* WORK TO COMPLETE
Range to reproduce from the entries below: the line with "set u := b1 * d1 + b2 * d2.", the line with "by rewrite /u; field.", and every line in between. Give them exactly and give nothing else.

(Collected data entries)

(* Let $S=s_1,\ldots,s_n$ be a sequence of positive real numbers, let $\alpha>1$, $\gamma>0$, let $k$ be a positive integer and $\epsilon>0$. Let $(L^*,\beta^* )$ be an optimal solution of $\textsc{Exp}(\alpha)$ for $S,\alpha,\gamma,k$, and let $g=(\prod_{i=1}^n s_i)^{1/n}$. Let $(L,\beta)$ be the output of $\textit{ExpAlpha}(S,\alpha,\gamma,k,\epsilon)$. Then \[ \mathrm{score}_{\exp}(L,S;\alpha,\beta,\gamma)-n\log g\le(1+\epsilon)\big(\mathrm{score}_{\exp}(L^*,S;\alpha,\beta^*,\gamma)-n\log g\big). \] Moreover, if $g\ge1$, then $\mathrm{score}_{\exp}(L,S;\alpha,\beta,\gamma)\le(1+\epsilon)\,\mathrm{score}_{\exp}(L^*,S;\alpha,\beta^*,\gamma)$.
   Context: A level sequence is $L=\ell_1,\ldots,\ell_n$ of integers with $0\le\ell_i\le k$; set $\ell_0=0$. The penalty is $\mathrm{pen}(x,y)=\max(y-x,0)\,\gamma\log n$. The exponential density is $p_{\exp}(s;\lambda)=\lambda e^{-\lambda s}$. For $\alpha\ge1$, $\beta>0$: $\mathrm{score}_{\exp}(L,S;\alpha,\beta,\gamma)=\sum_{i=1}^n\big[-\log p_{\exp}(s_i;\beta\alpha^{\ell_i})+\mathrm{pen}(\ell_{i-1},\ell_i)\big]$. Problem $\textsc{Exp}(\alpha)$: given $S,\alpha,\gamma,k$, find $L$ and $\beta>0$ minimizing this score. $\textit{Viterbi}(S,\alpha,\beta,\gamma,k,p_{\exp})$ returns a level sequence minimizing the score for fixed $\alpha,\beta$. Algorithm $\textit{ExpAlpha}(S,\alpha,\gamma,k,\epsilon)$: let $\mu=\frac1n\sum_i s_i$ and $\beta=1/\mu$; while $\beta\ge1/(\alpha^k\mu)$: run $L=\textit{Viterbi}(S,\alpha,\beta,\gamma,k,p_{\exp})$ and set $\beta\leftarrow\beta/(1+\epsilon)$. Return the tested pair $(L,\beta)$ with the smallest score. *)

From Stdlib Require Import Reals Lra Lia.
Open Scope R_scope.

Fixpoint sum1n (n : nat) (f : nat -> R) : R :=
  match n with
  | O => 0
  | S m => sum1n m f + f (S m)
  end.

Fixpoint prod1n (n : nat) (f : nat -> R) : R :=
  match n with
  | O => 1
  | S m => prod1n m f * f (S m)
  end.

(* A level sequence is L : nat -> nat, read at indices 1..n;
   the convention l_0 = 0 is enforced by [prevlvl]. *)
Definition level_seq (n k : nat) (L : nat -> nat) : Prop :=
  forall i, (1 <= i <= n)%nat -> (L i <= k)%nat.

Definition prevlvl (L : nat -> nat) (i : nat) : nat :=
  match i with
  | O => O
  | S O => O
  | S j => L j
  end.

Definition pen (n : nat) (gamma : R) (x y : nat) : R :=
  Rmax (INR y - INR x) 0 * gamma * ln (INR n).

Definition p_exp (s lambda : R) : R := lambda * exp (- lambda * s).

Definition score_exp (n : nat) (s : nat -> R) (L : nat -> nat)
  (alpha beta gamma : R) : R :=
  sum1n n (fun i =>
    - ln (p_exp (s i) (beta * alpha ^ (L i))) + pen n gamma (prevlvl L i) (L i)).

Definition exp_optimal (n : nat) (s : nat -> R) (alpha gamma : R) (k : nat)
  (Lopt : nat -> nat) (bopt : R) : Prop :=
  level_seq n k Lopt /\ 0 < bopt /\
  forall L beta, level_seq n k L -> 0 < beta ->
    score_exp n s Lopt alpha bopt gamma <= score_exp n s L alpha beta gamma.

(* Any possible output of Viterbi(S, alpha, beta, gamma, k, p_exp):
   a level sequence minimizing the score for fixed alpha, beta. *)
Definition viterbi_out (n : nat) (s : nat -> R) (alpha beta gamma : R) (k : nat)
  (L : nat -> nat) : Prop :=
  level_seq n k L /\
  forall L', level_seq n k L' ->
    score_exp n s L alpha beta gamma <= score_exp n s L' alpha beta gamma.
(* Consider the complex-valued protocol. Let $\mathcal F$ be a Banach function space compactly embedded in $C(\mathbf X)$ and let $L,M\in[1,\infty)$ be such that $\mathcal H_\epsilon(U_{\mathcal F})\le L\log^M\frac1\epsilon$ for all $\epsilon\in(0,1/2]$. There exists a strategy for Predictor that guarantees, for all $N=2,3,\dots$, all $F\in\mathcal F$ and all moves of Reality, $$\sum_{n=1}^N|y_n-\mu_n|^2\le\sum_{n=1}^N|y_n-F(x_n)|^2+C_ML\left(\log^+\|F\|_{\mathcal F}+\log N\right)^M,$$ where $C_M$ is a constant depending only on $M$.
   Context: Complex-valued protocol: $\mathbf X$ a nonempty topological space; at each round $n$ Reality announces $x_n\in\mathbf X$, Predictor announces $\mu_n\in\mathbb C$, Reality announces $y_n\in\mathbb C$ with $|y_n|\le1$; a strategy for Predictor maps each history to $\mu_n$. $C(\mathbf X)$: bounded continuous complex-valued functions on $\mathbf X$ with the supremum norm. A Banach function space compactly embedded in $C(\mathbf X)$: a linear subspace $\mathcal F\subseteq C(\mathbf X)$ with a norm $\|\cdot\|_{\mathcal F}$ making it a Banach space whose unit ball $U_{\mathcal F}$ is compact in $C(\mathbf X)$. $\mathcal H_\epsilon(A)$: $\log_2$ of the minimal number of points of $A$ forming an $\epsilon$-net for $A$ in the supremum metric. $\log=\log_2$; $\log^+t=\log t$ if $t\ge1$ and $0$ otherwise. *)

From HB Require Import structures.
From mathcomp Require Import all_boot all_order all_algebra.
From mathcomp Require Import all_classical all_reals all_analysis.
From mathcomp Require Import complex.
Set Implicit Arguments. Unset Strict Implicit. Unset Printing Implicit Defensive.
Import Order.TTheory GRing.Theory Num.Theory.
Import numFieldNormedType.Exports.
Local Open Scope classical_set_scope.
Local Open Scope ring_scope.

Section Defs.
Variable R : realType.

Definition cmod (z : R[i]) : R := ComplexField.Normc.normc z.

Definition log2 (t : R) : R := ln t / ln 2.
Definition logp (t : R) : R := if 1 <= t then log2 t else 0.

Variable X : topologicalType.

(* C(X): bounded continuous complex-valued functions on X
   (continuity of a complex-valued map = continuity of its real and
   imaginary parts, R[i] carrying the product topology of R x R) *)
Definition CX (f : X -> R[i]) : Prop :=
  continuous (fun x => complex.Re (f x) : R) /\ continuous (fun x => complex.Im (f x) : R) /\
  exists B : R, forall x, cmod (f x) <= B.

Definition supdist (f g : X -> R[i]) : R :=
  sup [set cmod (f x - g x) | x in [set: X]].

Definition sup_open (O : set (X -> R[i])) : Prop :=
  O `<=` CX /\
  forall f, O f -> exists2 r : R, 0 < r &
    forall g, CX g -> supdist f g < r -> O g.

Definition sup_compact (K : set (X -> R[i])) : Prop :=
  K `<=` CX /\
  forall (I : Type) (O : I -> set (X -> R[i])),
    (forall i, sup_open (O i)) -> K `<=` \bigcup_(i in [set: I]) O i ->
    exists (n : nat) (g : 'I_n -> I), K `<=` \bigcup_(k in [set: 'I_n]) O (g k).

Definition banach_compact_embedded (Fs : set (X -> R[i]))
    (nF : (X -> R[i]) -> R) : Prop :=
  Fs `<=` CX /\
      Fs (fun _ => 0) /\
      (forall f g, Fs f -> Fs g -> Fs (fun x => f x + g x)) /\
      (forall (a : R[i]) f, Fs f -> Fs (fun x => a * f x)) /\
      (forall f, Fs f -> 0 <= nF f /\ (nF f = 0 <-> f = (fun _ => 0))) /\
      (forall (a : R[i]) f, Fs f -> nF (fun x => a * f x) = cmod a * nF f) /\
      (forall f g, Fs f -> Fs g -> nF (fun x => f x + g x) <= nF f + nF g) /\
      (forall u : nat -> (X -> R[i]), (forall n, Fs (u n)) ->
         (forall e : R, 0 < e -> exists N, forall m n, (N <= m)%N -> (N <= n)%N ->
             nF (fun x => u m x - u n x) < e) ->
         exists2 f, Fs f & forall e : R, 0 < e -> exists N, forall n, (N <= n)%N ->
             nF (fun x => u n x - f x) < e) /\
      (* compact embedding: the unit ball is compact in C(X) *)
      sup_compact [set f | Fs f /\ nF f <= 1].

Definition unit_ball (Fs : set (X -> R[i])) (nF : (X -> R[i]) -> R) :=
  [set f | Fs f /\ nF f <= 1].

Definition has_net (A : set (X -> R[i])) (eps : R) (n : nat) : Prop :=
  exists g : 'I_n -> (X -> R[i]),
    (forall k, A (g k)) /\ forall f, A f -> exists k, supdist f (g k) <= eps.

Definition entropy (A : set (X -> R[i])) (eps : R) : R :=
  log2 (inf [set (n%:R : R) | n in [set n | has_net A eps n]]).

(* strategies for Predictor: history of past (x_k, y_k) and current x_n *)
Definition strategy := seq (X * R[i]) -> X -> R[i].

(* Predictor's move at round n (rounds indexed from 0) *)
Definition pred_move (S : strategy) (x : nat -> X) (y : nat -> R[i]) (n : nat) :=
  S [seq (x k, y k) | k <- iota 0 n] (x n).

End Defs.

From HB Require Import structures.
From mathcomp Require Import all_boot all_order all_algebra.
From mathcomp Require Import all_classical all_reals all_analysis.
From mathcomp Require Import complex.
From mathcomp Require Import ring lra zify.
Import Order.TTheory GRing.Theory Num.Theory.
Import numFieldNormedType.Exports.
Local Open Scope classical_set_scope.
Local Open Scope ring_scope.
Set Implicit Arguments. Unset Strict Implicit. Unset Printing Implicit Defensive.

(* Predictor runs Vovk's aggregating algorithm for the square loss on the
   square [-1, 1]^2, which is mixable at learning rate 1/64, over a countable
   pool of experts (t, k, i): from round t on, expert (t, k, i) predicts
   2^k g_(t,i) clipped to the square, where g_(t,0), ..., g_(t,s_t - 1) is a
   2^-(t+1)-net of the unit ball, and its prior weight is 1/s_t.  The loss of
   the master exceeds that of any expert by at most 64 ln (W / w), where
   W <= (N+1)^2 is the prior mass of the experts entered by round N and
   ln (1 / w) = ln s_t <= L (t+1)^M ln 2 by the entropy bound.  Choosing
   2^k >= ||F|| and t = k + j with 2^j > N, the expert follows F within 1/(2N)
   per round, so its loss exceeds that of F by O(t) = O(log+ ||F|| + log N). *)

Section SquareLoss.
Variable R : realType.
Implicit Types (r : R) (a b z y m p : R[i]).

Lemma cmod_ge0 z : 0 <= cmod z.
Proof. by case: z => a b; rewrite /cmod /= sqrtr_ge0. Qed.

Lemma cmodD a b : cmod (a + b) <= cmod a + cmod b.
Proof. exact: le_normcD. Qed.

Lemma cmodB a b : cmod (a - b) = cmod (b - a).
Proof. by rewrite /cmod -normcN opprB. Qed.

Lemma cmodM a b : cmod (a * b) = cmod a * cmod b.
Proof. exact: ComplexField.Normc.normcM. Qed.

Lemma cmod_real r : cmod r%:C%C = `|r|.
Proof. by rewrite /cmod /= expr0n /= addr0 sqrtr_sqr. Qed.

Lemma normr_Re_le_cmod z : `|complex.Re z| <= cmod z.
Proof.
by case: z => a b; rewrite /cmod /= -sqrtr_sqr ler_wsqrtr // lerDl sqr_ge0.
Qed.

Lemma normr_Im_le_cmod z : `|complex.Im z| <= cmod z.
Proof.
by case: z => a b; rewrite /cmod /= -sqrtr_sqr ler_wsqrtr // lerDr sqr_ge0.
Qed.

Definition sqloss y m : R :=
  (complex.Re y - complex.Re m) ^+ 2 + (complex.Im y - complex.Im m) ^+ 2.

Arguments sqloss : simpl never.

Definition in_square z : Prop := -1 <= complex.Re z <= 1 /\ -1 <= complex.Im z <= 1.

Lemma sqr_cmodB a b : cmod (a - b) ^+ 2 = sqloss a b.
Proof.
case: a b => [a1 a2] [b1 b2]; rewrite /cmod /sqloss /= sqr_sqrtr //.
by rewrite addr_ge0 // sqr_ge0.
Qed.

Lemma cmod_le1_in_square z : cmod z <= 1 -> in_square z.
Proof.
move=> z1; split; rewrite -ler_norml.
  exact: le_trans (normr_Re_le_cmod z) z1.
exact: le_trans (normr_Im_le_cmod z) z1.
Qed.

Lemma sqloss_le8 y m : in_square y -> in_square m -> sqloss y m <= 8.
Proof.
move=> [/andP[? ?] /andP[? ?]] [/andP[? ?] /andP[? ?]]; rewrite /sqloss; nra.
Qed.

Lemma expR_neg_le_1B (s D : R) : s <= 2^-1 -> 2 * s ^+ 2 <= D ->
  expR (- (s + D)) <= 1 - s.
Proof.
move=> s_le D_ge; rewrite expRN -[X in X <= _]mul1r ler_pdivrMr ?expR_gt0 //.
have : 1 <= (1 - s) * (1 + (s + D)) by nra.
move/le_trans; apply; apply: ler_wpM2l; first lra.
exact: expR_ge1Dx.
Qed.

(* The exponentiated square loss [exp (- sqloss y p / 64)] lies below its
   tangent at [p = m]: this is the mixability of the square loss on the square
   at learning rate 1/64. *)
Lemma expR_sqloss_tangent y m p : in_square y -> in_square m -> in_square p ->
  expR (- (sqloss y p / 64)) <=
  expR (- (sqloss y m / 64)) *
    (1 - ((complex.Re y - complex.Re m) * (complex.Re m - complex.Re p) +
          (complex.Im y - complex.Im m) * (complex.Im m - complex.Im p)) / 32).
Proof.
case: y m p => [y1 y2] [m1 m2] [p1 p2]; rewrite /in_square /sqloss /=.
move=> [/andP[? ?] /andP[? ?]] [/andP[? ?] /andP[? ?]] [/andP[? ?] /andP[? ?]].
set b1 := y1 - m1; set b2 := y2 - m2; set d1 := m1 - p1; set d2 := m2 - p2.
set u := b1 * d1 + b2 * d2.
have -> : y1 - p1 = b1 + d1 by rewrite /b1 /d1; ring.
have -> : y2 - p2 = b2 + d2 by rewrite /b2 /d2; ring.
have -> : - (((b1 + d1) ^+ 2 + (b2 + d2) ^+ 2) / 64) =
   - ((b1 ^+ 2 + b2 ^+ 2) / 64) + - (u / 32 + (d1 ^+ 2 + d2 ^+ 2) / 64).
  by rewrite /u; field.
rewrite expRD ler_wpM2l ?expR_ge0 //.
have hb1 : b1 ^+ 2 <= 4 by rewrite /b1; nra.
have hb2 : b2 ^+ 2 <= 4 by rewrite /b2; nra.
have hd1 : d1 ^+ 2 <= 4 by rewrite /d1; nra.
have hd2 : d2 ^+ 2 <= 4 by rewrite /d2; nra.
have cauchy_schwarz : u ^+ 2 <= (b1 ^+ 2 + b2 ^+ 2) * (d1 ^+ 2 + d2 ^+ 2).
  have := sqr_ge0 (b1 * d2 - b2 * d1); rewrite /u; nra.
have u_sqr : u ^+ 2 <= 8 * (d1 ^+ 2 + d2 ^+ 2) by nra.
have u_le8 : u <= 8 by nra.
apply: expR_neg_le_1B; [lra | nra].
Qed.

End SquareLoss.

Section Logarithms.
Variable R : realType.

Lemma ln2_gt0 : 0 < ln (2 : R).
Proof. by rewrite ln_gt0 // ltr1n. Qed.

Lemma log2_expr2 (m : nat) : log2 ((2 : R) ^+ m) = m%:R.
Proof.
by rewrite /log2 lnXn // -[ln 2 *+ m]mulr_natr mulrAC divff ?mul1r ?lt0r_neq0 ?ln2_gt0.
Qed.
(* Let $\lambda\in\mathbb{C}$, let $(p_l)_{l\in\mathbb{Z}},(q_m)_{m\in\mathbb{Z}}$ be complex sequences, and let $u,v:\mathbb{Z}^2\to\mathbb{C}$ satisfy, for all $(l,m)\in\mathbb{Z}^2$ (with all denominators nonzero), \[ \widetilde{\overline u}-u-\frac{q_{m+1}-p_l}{\widetilde u}+\frac{q_m-p_{l+1}}{\overline u}=0,\qquad u-\widetilde{\overline v}-\frac{q_m-p_{l+1}}{\overline u}+\frac{\lambda-p_l}{\widetilde v}=0, \] \[ (u-v)\Big(\frac{q_m-p_l}{u}+\widetilde v\Big)-q_m+\lambda=0,\qquad \frac{q_m-p_l}{u}-\frac{\lambda-p_l}{v}-\overline u+\overline v=0. \] Then $v$ satisfies, for all $(l,m)$, \[ \begin{aligned} &q_m\big(v\overline v-\widetilde v\widetilde{\overline v}\big)^2+\big(v-\widetilde{\overline v}\big)\big(\overline v-\widetilde v\big)\big(\lambda-v\overline v\big)\big(\lambda-\widetilde v\widetilde{\overline v}\big) +\big(p_{l+1}v-p_l\widetilde{\overline v}\big)\big(p_l\overline v-p_{l+1}\widetilde v\big)\\ &\quad-(p_l+p_{l+1})\big(\lambda v\overline v+\lambda\widetilde v\widetilde{\overline v}-2v\overline v\widetilde v\widetilde{\overline v}\big) +\big(p_{l+1}v\widetilde v+p_l\overline v\widetilde{\overline v}\big)\big(2\lambda-v\overline v-\widetilde v\widetilde{\overline v}\big)=0. \end{aligned} \]
   Context: Shift notation: for $f:\mathbb{Z}^2\to\mathbb{C}$, $f=f_{l,m}$, $\overline f=f_{l+1,m}$, $\widetilde f=f_{l,m+1}$, $\widetilde{\overline f}=f_{l+1,m+1}$; $p_l$ and $q_m$ are parameters depending only on $l$ and only on $m$ respectively. *)

From HB Require Import structures.
From mathcomp Require Import all_boot all_order all_algebra.
From mathcomp Require Import complex.
From mathcomp Require Import Rstruct.
From Stdlib Require Import Reals.
Set Implicit Arguments. Unset Strict Implicit. Unset Printing Implicit Defensive.
Import Order.TTheory GRing.Theory Num.Theory.

Definition C : Type := complex Rdefinitions.R.

From HB Require Import structures.
From mathcomp Require Import all_boot all_order all_algebra.
From mathcomp Require Import complex.
From mathcomp Require Import Rstruct.
From mathcomp Require Import ring.
Import Order.TTheory GRing.Theory Num.Theory.
Local Open Scope ring_scope.

(* The statement is local: at a fixed vertex (l, m) it only
   involves the four values v, v~, v-, v~- of v on the elementary square, the
   two values u, u- of u on its lower edge, and the parameters lam, p_l,
   p_{l+1}, q_m (below f- denotes the shift f_{l+1,m} and f~ the shift
   f_{l,m+1}).  We work over an arbitrary field with these as indeterminates.
   1. The equations (3) and (4) at (l, m) give a linear "ratio relation"
      between u and u-; equation (3) at (l+1, m) together with (2) at (l, m)
      give a second linear relation between u and u-.
   2. Eliminating u- between them expresses u rationally through v:
      K * u = L, with K = v v- - v~ v~- (and L explicit below).
   3. A polynomial identity writes v times the quad-equation for v as a
      combination of equation (3) at (l, m) and of K * u - L; hence it
      vanishes, and v != 0 lets us cancel. *)

Section QuadEquation.

Context {F : fieldType}.

(* Parameters: lam, p = p_l, P = p_{l+1}, Q = q_m. *)
Context {lam p P Q : F}.

Context {U Ub v0 v1 v2 v12 : F}.

Hypotheses (hU : U != 0) (hUb : Ub != 0) (hv0 : v0 != 0) (hv2 : v2 != 0).

Definition quad_lhs : F :=
  Q * (v0 * v1 - v2 * v12) ^+ 2
  + (v0 - v12) * (v1 - v2) * (lam - v0 * v1) * (lam - v2 * v12)
  + (P * v0 - p * v12) * (p * v1 - P * v2)
  - (p + P) * (lam * v0 * v1 + lam * v2 * v12 - 2 * v0 * v1 * v2 * v12)
  + (P * v0 * v2 + p * v1 * v12) * (2 * lam - v0 * v1 - v2 * v12).

Definition eq3_lhs : F := (U - v0) * ((Q - p) / U + v2) - Q + lam.

Definition coef_K : F := v0 * v1 - v2 * v12.
Definition coef_L : F :=
  v0 * (v12 * (v1 - v2) + (lam - P) - (lam - p) * v1 / v2).

Lemma ratio_relation :
  eq3_lhs = 0 ->
  (Q - p) / U - (lam - p) / v0 - Ub + v1 = 0 ->
  v2 * (U - v0) - v0 * (Ub - v1) = 0.
Proof.
move=> e3 e4.
have -> : v2 * (U - v0) - v0 * (Ub - v1) =
  eq3_lhs + v0 * ((Q - p) / U - (lam - p) / v0 - Ub + v1).
  by rewrite /eq3_lhs; field; rewrite hv0 hU.
by rewrite e3 e4 mulr0 addr0.
Qed.

Lemma shifted_relation :
  (Ub - v1) * ((Q - P) / Ub + v12) - Q + lam = 0 ->
  U - v12 - (Q - P) / Ub + (lam - p) / v2 = 0 ->
  v1 * U - v12 * Ub - (lam - P - v1 * (lam - p) / v2) = 0.
Proof.
move=> e3s e2.
have -> : v1 * U - v12 * Ub - (lam - P - v1 * (lam - p) / v2) =
  - ((Ub - v1) * ((Q - P) / Ub + v12) - Q + lam)
  + v1 * (U - v12 - (Q - P) / Ub + (lam - p) / v2).
  by field; rewrite hv2 hUb.
by rewrite e3s e2 mulr0 addr0 oppr0.
Qed.

Lemma u_from_v :
  v2 * (U - v0) - v0 * (Ub - v1) = 0 ->
  v1 * U - v12 * Ub - (lam - P - v1 * (lam - p) / v2) = 0 ->
  coef_L - coef_K * U = 0.
Proof.
move=> r1 r2.
have -> : coef_L - coef_K * U =
  - v0 * (v1 * U - v12 * Ub - (lam - P - v1 * (lam - p) / v2))
  + v12 * (v2 * (U - v0) - v0 * (Ub - v1)).
  by rewrite /coef_L /coef_K; field; rewrite hv2.
by rewrite r1 r2 !mulr0 addr0.
Qed.

Lemma quad_lhs_decomposition :
  quad_lhs * v0 =
  - coef_K ^+ 2 * U * eq3_lhs
  - (coef_L - coef_K * U)
    * (v2 * (coef_L + coef_K * U) + (lam - p - v0 * v2) * coef_K).
Proof.
by rewrite /quad_lhs /eq3_lhs /coef_L /coef_K; field; rewrite hv2 hU.
Qed.

Lemma quad_lhs_eq0 :
  eq3_lhs = 0 -> coef_L - coef_K * U = 0 -> quad_lhs = 0.
Proof.
move=> e3 KL; apply: (mulIf hv0).
by rewrite mul0r quad_lhs_decomposition e3 KL !mulr0 !mul0r subr0.
Qed.

End QuadEquation.

Theorem mainTheorem8 (lam : C) (p q : int -> C) (u v : int -> int -> C)
  (hu0 : forall l m : int, u l m != 0)
  (hv0 : forall l m : int, v l m != 0)
  (e1 : forall l m : int,
     u (l + 1) (m + 1) - u l m - (q (m + 1) - p l) / u l (m + 1)
       + (q m - p (l + 1)) / u (l + 1) m = 0)
  (e2 : forall l m : int,
     u l m - v (l + 1) (m + 1) - (q m - p (l + 1)) / u (l + 1) m
       + (lam - p l) / v l (m + 1) = 0)
  (e3 : forall l m : int,
     (u l m - v l m) * ((q m - p l) / u l m + v l (m + 1)) - q m + lam = 0)
  (e4 : forall l m : int,
     (q m - p l) / u l m - (lam - p l) / v l m - u (l + 1) m + v (l + 1) m = 0) :
  forall l m : int,
    let v0 := v l m in
    let v1 := v (l + 1) m in
    let v2 := v l (m + 1) in
    let v12 := v (l + 1) (m + 1) in
    q m * (v0 * v1 - v2 * v12) ^+ 2
    + (v0 - v12) * (v1 - v2) * (lam - v0 * v1) * (lam - v2 * v12)
    + (p (l + 1) * v0 - p l * v12) * (p l * v1 - p (l + 1) * v2)
    - (p l + p (l + 1)) * (lam * v0 * v1 + lam * v2 * v12 - 2 * v0 * v1 * v2 * v12)
    + (p (l + 1) * v0 * v2 + p l * v1 * v12) * (2 * lam - v0 * v1 - v2 * v12)
    = 0.
Proof.
move=> l m v0 v1 v2 v12.
have ratio := ratio_relation (hu0 l m) (hv0 l m) (e3 l m) (e4 l m).
have shifted := shifted_relation (hu0 (l + 1) m) (hv0 l (m + 1))
  (e3 (l + 1) m) (e2 l m).
have KU_eq_L := u_from_v (hv0 l (m + 1)) ratio shifted.
exact: (@quad_lhs_eq0 C lam (p l) (p (l + 1)) (q m) (u l m) v0 v1 v2 v12
  (hu0 l m) (hv0 l m) (hv0 l (m + 1)) (e3 l m) KU_eq_L).
Qed.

* PROBLEM SOLUTION
set u := b1 * d1 + b2 * d2.
have -> : y1 - p1 = b1 + d1 by rewrite /b1 /d1; ring.
have -> : y2 - p2 = b2 + d2 by rewrite /b2 /d2; ring.
have -> : - (((b1 + d1) ^+ 2 + (b2 + d2) ^+ 2) / 64) =
   - ((b1 ^+ 2 + b2 ^+ 2) / 64) + - (u / 32 + (d1 ^+ 2 + d2 ^+ 2) / 64).
  by rewrite /u; field.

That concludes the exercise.